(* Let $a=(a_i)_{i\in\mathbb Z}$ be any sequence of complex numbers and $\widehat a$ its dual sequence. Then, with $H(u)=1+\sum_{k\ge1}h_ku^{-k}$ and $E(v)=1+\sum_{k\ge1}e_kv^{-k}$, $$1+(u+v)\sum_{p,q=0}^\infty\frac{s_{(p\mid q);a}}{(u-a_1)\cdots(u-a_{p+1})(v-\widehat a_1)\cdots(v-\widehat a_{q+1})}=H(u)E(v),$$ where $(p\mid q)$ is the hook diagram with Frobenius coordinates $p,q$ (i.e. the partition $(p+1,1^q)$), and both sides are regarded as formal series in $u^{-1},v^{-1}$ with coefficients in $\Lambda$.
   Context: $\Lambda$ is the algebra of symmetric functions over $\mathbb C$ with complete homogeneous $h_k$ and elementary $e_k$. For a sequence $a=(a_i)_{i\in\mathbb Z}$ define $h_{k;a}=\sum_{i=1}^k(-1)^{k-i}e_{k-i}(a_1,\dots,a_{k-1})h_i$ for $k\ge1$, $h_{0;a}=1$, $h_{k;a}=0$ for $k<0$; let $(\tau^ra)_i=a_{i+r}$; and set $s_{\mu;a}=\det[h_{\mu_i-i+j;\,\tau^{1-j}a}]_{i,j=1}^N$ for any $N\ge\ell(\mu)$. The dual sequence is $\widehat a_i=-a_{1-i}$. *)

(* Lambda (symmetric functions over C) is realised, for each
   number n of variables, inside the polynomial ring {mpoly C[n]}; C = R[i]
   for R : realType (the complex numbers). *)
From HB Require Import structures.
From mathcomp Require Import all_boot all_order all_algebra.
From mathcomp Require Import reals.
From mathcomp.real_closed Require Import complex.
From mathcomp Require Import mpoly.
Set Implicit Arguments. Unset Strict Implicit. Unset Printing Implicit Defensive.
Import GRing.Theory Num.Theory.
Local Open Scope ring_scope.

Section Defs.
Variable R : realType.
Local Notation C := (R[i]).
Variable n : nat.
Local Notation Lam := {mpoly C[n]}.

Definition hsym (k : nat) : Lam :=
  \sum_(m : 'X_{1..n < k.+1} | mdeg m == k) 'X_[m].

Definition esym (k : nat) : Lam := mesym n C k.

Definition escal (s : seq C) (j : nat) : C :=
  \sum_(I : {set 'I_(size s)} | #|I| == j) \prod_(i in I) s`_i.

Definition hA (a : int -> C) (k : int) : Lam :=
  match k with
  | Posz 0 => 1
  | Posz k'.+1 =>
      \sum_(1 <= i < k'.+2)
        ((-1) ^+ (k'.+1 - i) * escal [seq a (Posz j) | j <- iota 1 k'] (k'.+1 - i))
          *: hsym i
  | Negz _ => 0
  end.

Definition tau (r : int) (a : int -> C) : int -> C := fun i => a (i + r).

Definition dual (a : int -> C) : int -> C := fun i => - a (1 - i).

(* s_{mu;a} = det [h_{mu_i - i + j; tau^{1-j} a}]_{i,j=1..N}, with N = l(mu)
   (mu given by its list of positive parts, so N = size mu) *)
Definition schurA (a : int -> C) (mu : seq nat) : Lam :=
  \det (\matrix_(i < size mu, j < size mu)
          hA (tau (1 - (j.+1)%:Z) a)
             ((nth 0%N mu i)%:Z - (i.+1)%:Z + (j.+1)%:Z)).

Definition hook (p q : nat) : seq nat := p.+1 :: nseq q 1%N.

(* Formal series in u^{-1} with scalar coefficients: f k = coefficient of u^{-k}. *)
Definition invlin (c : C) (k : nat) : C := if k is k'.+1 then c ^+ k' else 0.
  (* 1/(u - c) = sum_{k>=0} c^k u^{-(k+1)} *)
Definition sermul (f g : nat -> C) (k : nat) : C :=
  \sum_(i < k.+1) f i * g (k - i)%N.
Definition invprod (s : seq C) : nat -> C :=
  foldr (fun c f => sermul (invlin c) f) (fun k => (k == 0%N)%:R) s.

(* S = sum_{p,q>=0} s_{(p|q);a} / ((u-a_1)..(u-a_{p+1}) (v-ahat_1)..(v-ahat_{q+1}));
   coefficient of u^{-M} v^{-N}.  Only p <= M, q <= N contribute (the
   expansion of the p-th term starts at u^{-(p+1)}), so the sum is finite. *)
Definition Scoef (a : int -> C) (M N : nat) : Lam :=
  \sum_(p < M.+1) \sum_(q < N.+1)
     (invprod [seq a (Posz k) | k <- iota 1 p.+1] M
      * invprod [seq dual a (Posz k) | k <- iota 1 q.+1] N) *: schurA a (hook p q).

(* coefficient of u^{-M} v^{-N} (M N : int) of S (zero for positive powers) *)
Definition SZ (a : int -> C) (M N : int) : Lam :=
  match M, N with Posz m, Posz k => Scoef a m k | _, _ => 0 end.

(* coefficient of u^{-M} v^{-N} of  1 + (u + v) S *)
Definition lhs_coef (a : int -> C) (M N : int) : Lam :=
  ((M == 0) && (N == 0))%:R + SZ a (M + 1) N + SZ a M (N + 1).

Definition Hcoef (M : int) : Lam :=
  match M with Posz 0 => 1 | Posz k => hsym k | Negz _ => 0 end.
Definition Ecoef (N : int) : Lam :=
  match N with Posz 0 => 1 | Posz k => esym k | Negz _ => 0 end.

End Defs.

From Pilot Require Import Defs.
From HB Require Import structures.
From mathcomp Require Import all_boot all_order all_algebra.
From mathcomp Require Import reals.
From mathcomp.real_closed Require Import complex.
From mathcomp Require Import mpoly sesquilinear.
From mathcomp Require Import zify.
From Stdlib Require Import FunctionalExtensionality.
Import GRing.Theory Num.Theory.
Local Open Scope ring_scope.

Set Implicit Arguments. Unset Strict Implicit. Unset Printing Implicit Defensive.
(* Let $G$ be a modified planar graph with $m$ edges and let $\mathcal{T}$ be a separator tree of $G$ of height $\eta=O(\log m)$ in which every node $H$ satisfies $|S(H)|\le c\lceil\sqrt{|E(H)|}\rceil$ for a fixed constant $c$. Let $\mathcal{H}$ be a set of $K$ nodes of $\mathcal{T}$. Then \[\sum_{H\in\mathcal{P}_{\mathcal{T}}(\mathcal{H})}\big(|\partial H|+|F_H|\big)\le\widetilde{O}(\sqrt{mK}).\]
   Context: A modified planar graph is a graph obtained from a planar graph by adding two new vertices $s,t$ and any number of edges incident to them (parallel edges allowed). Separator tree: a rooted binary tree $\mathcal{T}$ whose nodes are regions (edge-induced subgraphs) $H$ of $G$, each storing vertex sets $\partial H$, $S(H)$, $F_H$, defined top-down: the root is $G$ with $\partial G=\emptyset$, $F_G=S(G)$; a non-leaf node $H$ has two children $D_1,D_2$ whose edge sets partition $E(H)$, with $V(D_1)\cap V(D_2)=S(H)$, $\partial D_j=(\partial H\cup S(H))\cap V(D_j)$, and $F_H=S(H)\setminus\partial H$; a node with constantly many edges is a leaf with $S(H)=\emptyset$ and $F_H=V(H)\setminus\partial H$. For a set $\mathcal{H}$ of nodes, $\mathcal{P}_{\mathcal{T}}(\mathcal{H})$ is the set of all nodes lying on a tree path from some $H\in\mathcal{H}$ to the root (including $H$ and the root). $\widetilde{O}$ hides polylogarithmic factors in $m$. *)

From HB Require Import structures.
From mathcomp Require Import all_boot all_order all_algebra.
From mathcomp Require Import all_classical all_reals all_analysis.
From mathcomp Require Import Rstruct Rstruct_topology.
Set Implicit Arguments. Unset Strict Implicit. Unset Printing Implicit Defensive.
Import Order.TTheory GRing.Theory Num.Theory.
* * *
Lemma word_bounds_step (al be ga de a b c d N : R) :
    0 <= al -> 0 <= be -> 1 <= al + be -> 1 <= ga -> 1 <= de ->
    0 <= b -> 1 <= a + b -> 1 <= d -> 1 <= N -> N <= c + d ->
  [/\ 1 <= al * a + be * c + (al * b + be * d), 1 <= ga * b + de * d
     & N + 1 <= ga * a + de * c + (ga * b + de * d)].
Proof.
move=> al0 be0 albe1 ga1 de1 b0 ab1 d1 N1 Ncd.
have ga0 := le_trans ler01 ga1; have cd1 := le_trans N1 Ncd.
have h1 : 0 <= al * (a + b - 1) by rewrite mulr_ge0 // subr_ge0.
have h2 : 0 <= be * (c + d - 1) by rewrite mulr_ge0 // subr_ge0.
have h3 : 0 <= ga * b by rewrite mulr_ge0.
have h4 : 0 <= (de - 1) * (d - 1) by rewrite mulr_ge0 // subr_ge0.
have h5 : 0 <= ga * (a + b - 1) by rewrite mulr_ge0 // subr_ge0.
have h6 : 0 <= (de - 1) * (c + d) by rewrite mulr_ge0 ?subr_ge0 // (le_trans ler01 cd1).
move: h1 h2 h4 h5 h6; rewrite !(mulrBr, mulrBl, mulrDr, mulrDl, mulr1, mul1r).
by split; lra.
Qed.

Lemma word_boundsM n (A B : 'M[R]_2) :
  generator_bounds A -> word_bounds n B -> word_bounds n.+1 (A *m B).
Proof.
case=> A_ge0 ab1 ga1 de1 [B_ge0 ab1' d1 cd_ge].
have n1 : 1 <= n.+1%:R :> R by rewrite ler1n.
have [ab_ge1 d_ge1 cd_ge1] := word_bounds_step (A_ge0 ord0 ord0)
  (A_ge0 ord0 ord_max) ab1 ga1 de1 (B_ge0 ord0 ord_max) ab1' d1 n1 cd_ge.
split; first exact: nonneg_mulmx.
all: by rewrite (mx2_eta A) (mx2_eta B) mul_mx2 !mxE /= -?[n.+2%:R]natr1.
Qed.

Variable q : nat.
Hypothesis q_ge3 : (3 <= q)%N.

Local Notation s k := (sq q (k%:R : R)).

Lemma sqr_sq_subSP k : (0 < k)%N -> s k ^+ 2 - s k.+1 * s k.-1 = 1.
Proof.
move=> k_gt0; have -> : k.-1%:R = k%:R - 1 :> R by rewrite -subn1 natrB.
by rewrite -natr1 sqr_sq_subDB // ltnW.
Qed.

▶ _Problem to solve_:
Copy the stretch of the records above that runs from the line with "coefficients in $\Lambda$." through the line with "Definition tau (r". Both end lines belong in the copy, and nothing else does.

▶ _Response to this task_:
(* Let $a=(a_i)_{i\in\mathbb Z}$ be any sequence of complex numbers and $\widehat a$ its dual sequence. Then, with $H(u)=1+\sum_{k\ge1}h_ku^{-k}$ and $E(v)=1+\sum_{k\ge1}e_kv^{-k}$, $$1+(u+v)\sum_{p,q=0}^\infty\frac{s_{(p\mid q);a}}{(u-a_1)\cdots(u-a_{p+1})(v-\widehat a_1)\cdots(v-\widehat a_{q+1})}=H(u)E(v),$$ where $(p\mid q)$ is the hook diagram with Frobenius coordinates $p,q$ (i.e. the partition $(p+1,1^q)$), and both sides are regarded as formal series in $u^{-1},v^{-1}$ with coefficients in $\Lambda$.
   Context: $\Lambda$ is the algebra of symmetric functions over $\mathbb C$ with complete homogeneous $h_k$ and elementary $e_k$. For a sequence $a=(a_i)_{i\in\mathbb Z}$ define $h_{k;a}=\sum_{i=1}^k(-1)^{k-i}e_{k-i}(a_1,\dots,a_{k-1})h_i$ for $k\ge1$, $h_{0;a}=1$, $h_{k;a}=0$ for $k<0$; let $(\tau^ra)_i=a_{i+r}$; and set $s_{\mu;a}=\det[h_{\mu_i-i+j;\,\tau^{1-j}a}]_{i,j=1}^N$ for any $N\ge\ell(\mu)$. The dual sequence is $\widehat a_i=-a_{1-i}$. *)

(* Lambda (symmetric functions over C) is realised, for each
   number n of variables, inside the polynomial ring {mpoly C[n]}; C = R[i]
   for R : realType (the complex numbers). *)
From HB Require Import structures.
From mathcomp Require Import all_boot all_order all_algebra.
From mathcomp Require Import reals.
From mathcomp.real_closed Require Import complex.
From mathcomp Require Import mpoly.
Set Implicit Arguments. Unset Strict Implicit. Unset Printing Implicit Defensive.
Import GRing.Theory Num.Theory.
Local Open Scope ring_scope.

Section Defs.
Variable R : realType.
Local Notation C := (R[i]).
Variable n : nat.
Local Notation Lam := {mpoly C[n]}.

Definition hsym (k : nat) : Lam :=
  \sum_(m : 'X_{1..n < k.+1} | mdeg m == k) 'X_[m].

Definition esym (k : nat) : Lam := mesym n C k.

Definition escal (s : seq C) (j : nat) : C :=
  \sum_(I : {set 'I_(size s)} | #|I| == j) \prod_(i in I) s`_i.

Definition hA (a : int -> C) (k : int) : Lam :=
  match k with
  | Posz 0 => 1
  | Posz k'.+1 =>
      \sum_(1 <= i < k'.+2)
        ((-1) ^+ (k'.+1 - i) * escal [seq a (Posz j) | j <- iota 1 k'] (k'.+1 - i))
          *: hsym i
  | Negz _ => 0
  end.

Definition tau (r : int) (a : int -> C) : int -> C := fun i => a (i + r).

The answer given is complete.